Task requirements
Your response must be an exact transcription of the lines from the one containing "Proof. by rewrite /visible /var_at /=;" through the final line of the data.

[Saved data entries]
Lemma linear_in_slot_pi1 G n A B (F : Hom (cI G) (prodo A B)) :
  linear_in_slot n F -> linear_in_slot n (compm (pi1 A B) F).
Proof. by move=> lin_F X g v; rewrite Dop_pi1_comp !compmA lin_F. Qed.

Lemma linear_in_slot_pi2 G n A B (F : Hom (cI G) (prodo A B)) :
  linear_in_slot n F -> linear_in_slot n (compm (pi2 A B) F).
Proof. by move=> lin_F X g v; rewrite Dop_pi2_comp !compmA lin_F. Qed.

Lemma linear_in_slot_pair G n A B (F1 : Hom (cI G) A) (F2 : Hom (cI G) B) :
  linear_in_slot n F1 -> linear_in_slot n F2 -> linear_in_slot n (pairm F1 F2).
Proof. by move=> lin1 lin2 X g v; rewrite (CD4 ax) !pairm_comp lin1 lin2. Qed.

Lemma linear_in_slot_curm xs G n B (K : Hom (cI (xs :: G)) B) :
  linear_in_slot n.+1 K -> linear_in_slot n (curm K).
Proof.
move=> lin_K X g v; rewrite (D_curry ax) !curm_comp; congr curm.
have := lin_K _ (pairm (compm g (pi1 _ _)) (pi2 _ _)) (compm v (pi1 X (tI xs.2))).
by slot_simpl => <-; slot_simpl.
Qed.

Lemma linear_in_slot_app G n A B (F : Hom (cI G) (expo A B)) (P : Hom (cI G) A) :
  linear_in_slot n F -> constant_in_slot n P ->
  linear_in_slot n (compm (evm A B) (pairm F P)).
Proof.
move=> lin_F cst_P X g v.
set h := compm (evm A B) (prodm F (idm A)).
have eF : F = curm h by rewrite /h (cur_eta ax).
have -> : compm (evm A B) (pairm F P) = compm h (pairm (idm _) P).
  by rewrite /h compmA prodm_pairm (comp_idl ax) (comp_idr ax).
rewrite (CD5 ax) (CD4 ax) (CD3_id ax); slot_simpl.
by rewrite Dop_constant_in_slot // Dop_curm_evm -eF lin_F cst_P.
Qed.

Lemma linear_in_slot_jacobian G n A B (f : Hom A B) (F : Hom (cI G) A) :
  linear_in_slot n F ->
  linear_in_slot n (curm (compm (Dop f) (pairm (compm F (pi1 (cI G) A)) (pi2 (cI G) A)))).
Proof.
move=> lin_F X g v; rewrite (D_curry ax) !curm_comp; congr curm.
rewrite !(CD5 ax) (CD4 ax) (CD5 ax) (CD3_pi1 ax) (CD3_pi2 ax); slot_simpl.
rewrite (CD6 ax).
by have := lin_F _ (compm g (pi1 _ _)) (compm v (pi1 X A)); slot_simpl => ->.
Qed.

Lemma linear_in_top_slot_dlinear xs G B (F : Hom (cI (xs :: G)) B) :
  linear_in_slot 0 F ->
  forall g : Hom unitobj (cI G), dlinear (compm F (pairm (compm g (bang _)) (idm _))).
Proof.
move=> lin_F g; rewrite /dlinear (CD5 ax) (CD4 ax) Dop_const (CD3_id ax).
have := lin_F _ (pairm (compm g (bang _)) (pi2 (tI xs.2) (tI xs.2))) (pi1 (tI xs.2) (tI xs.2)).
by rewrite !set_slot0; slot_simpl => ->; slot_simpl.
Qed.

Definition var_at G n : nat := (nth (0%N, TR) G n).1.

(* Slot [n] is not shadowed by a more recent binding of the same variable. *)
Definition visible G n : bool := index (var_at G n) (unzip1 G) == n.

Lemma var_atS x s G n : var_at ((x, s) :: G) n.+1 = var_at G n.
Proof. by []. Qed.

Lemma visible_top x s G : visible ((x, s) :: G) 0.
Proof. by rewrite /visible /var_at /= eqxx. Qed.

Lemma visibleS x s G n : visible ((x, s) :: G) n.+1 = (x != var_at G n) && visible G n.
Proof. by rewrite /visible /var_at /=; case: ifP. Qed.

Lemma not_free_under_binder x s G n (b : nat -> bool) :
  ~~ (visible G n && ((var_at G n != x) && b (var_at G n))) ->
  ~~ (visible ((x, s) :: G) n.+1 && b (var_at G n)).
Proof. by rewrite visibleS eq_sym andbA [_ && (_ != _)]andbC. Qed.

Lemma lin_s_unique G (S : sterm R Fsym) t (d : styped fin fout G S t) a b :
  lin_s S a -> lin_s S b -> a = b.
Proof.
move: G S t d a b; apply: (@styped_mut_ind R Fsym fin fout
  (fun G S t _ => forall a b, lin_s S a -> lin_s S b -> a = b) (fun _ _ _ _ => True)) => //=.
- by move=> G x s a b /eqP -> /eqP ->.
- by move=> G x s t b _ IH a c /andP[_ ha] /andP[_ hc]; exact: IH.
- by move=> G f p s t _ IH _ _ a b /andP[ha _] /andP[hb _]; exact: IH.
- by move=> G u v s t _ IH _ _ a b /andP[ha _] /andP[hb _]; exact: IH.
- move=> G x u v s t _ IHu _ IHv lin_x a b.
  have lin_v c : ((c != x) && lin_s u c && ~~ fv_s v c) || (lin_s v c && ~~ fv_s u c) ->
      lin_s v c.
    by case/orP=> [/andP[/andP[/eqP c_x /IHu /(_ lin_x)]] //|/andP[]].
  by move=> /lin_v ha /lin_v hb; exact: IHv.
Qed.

Worked solution
Proof. by rewrite /visible /var_at /=; case: ifP. Qed.

Lemma not_free_under_binder x s G n (b : nat -> bool) :
  ~~ (visible G n && ((var_at G n != x) && b (var_at G n))) ->
  ~~ (visible ((x, s) :: G) n.+1 && b (var_at G n)).
Proof. by rewrite visibleS eq_sym andbA [_ && (_ != _)]andbC. Qed.

Lemma lin_s_unique G (S : sterm R Fsym) t (d : styped fin fout G S t) a b :
  lin_s S a -> lin_s S b -> a = b.
Proof.
move: G S t d a b; apply: (@styped_mut_ind R Fsym fin fout
  (fun G S t _ => forall a b, lin_s S a -> lin_s S b -> a = b) (fun _ _ _ _ => True)) => //=.
- by move=> G x s a b /eqP -> /eqP ->.
- by move=> G x s t b _ IH a c /andP[_ ha] /andP[_ hc]; exact: IH.
- by move=> G f p s t _ IH _ _ a b /andP[ha _] /andP[hb _]; exact: IH.
- by move=> G u v s t _ IH _ _ a b /andP[ha _] /andP[hb _]; exact: IH.
- move=> G x u v s t _ IHu _ IHv lin_x a b.
  have lin_v c : ((c != x) && lin_s u c && ~~ fv_s v c) || (lin_s v c && ~~ fv_s u c) ->
      lin_s v c.
    by case/orP=> [/andP[/andP[/eqP c_x /IHu /(_ lin_x)]] //|/andP[]].
  by move=> /lin_v ha /lin_v hb; exact: IHv.
Qed.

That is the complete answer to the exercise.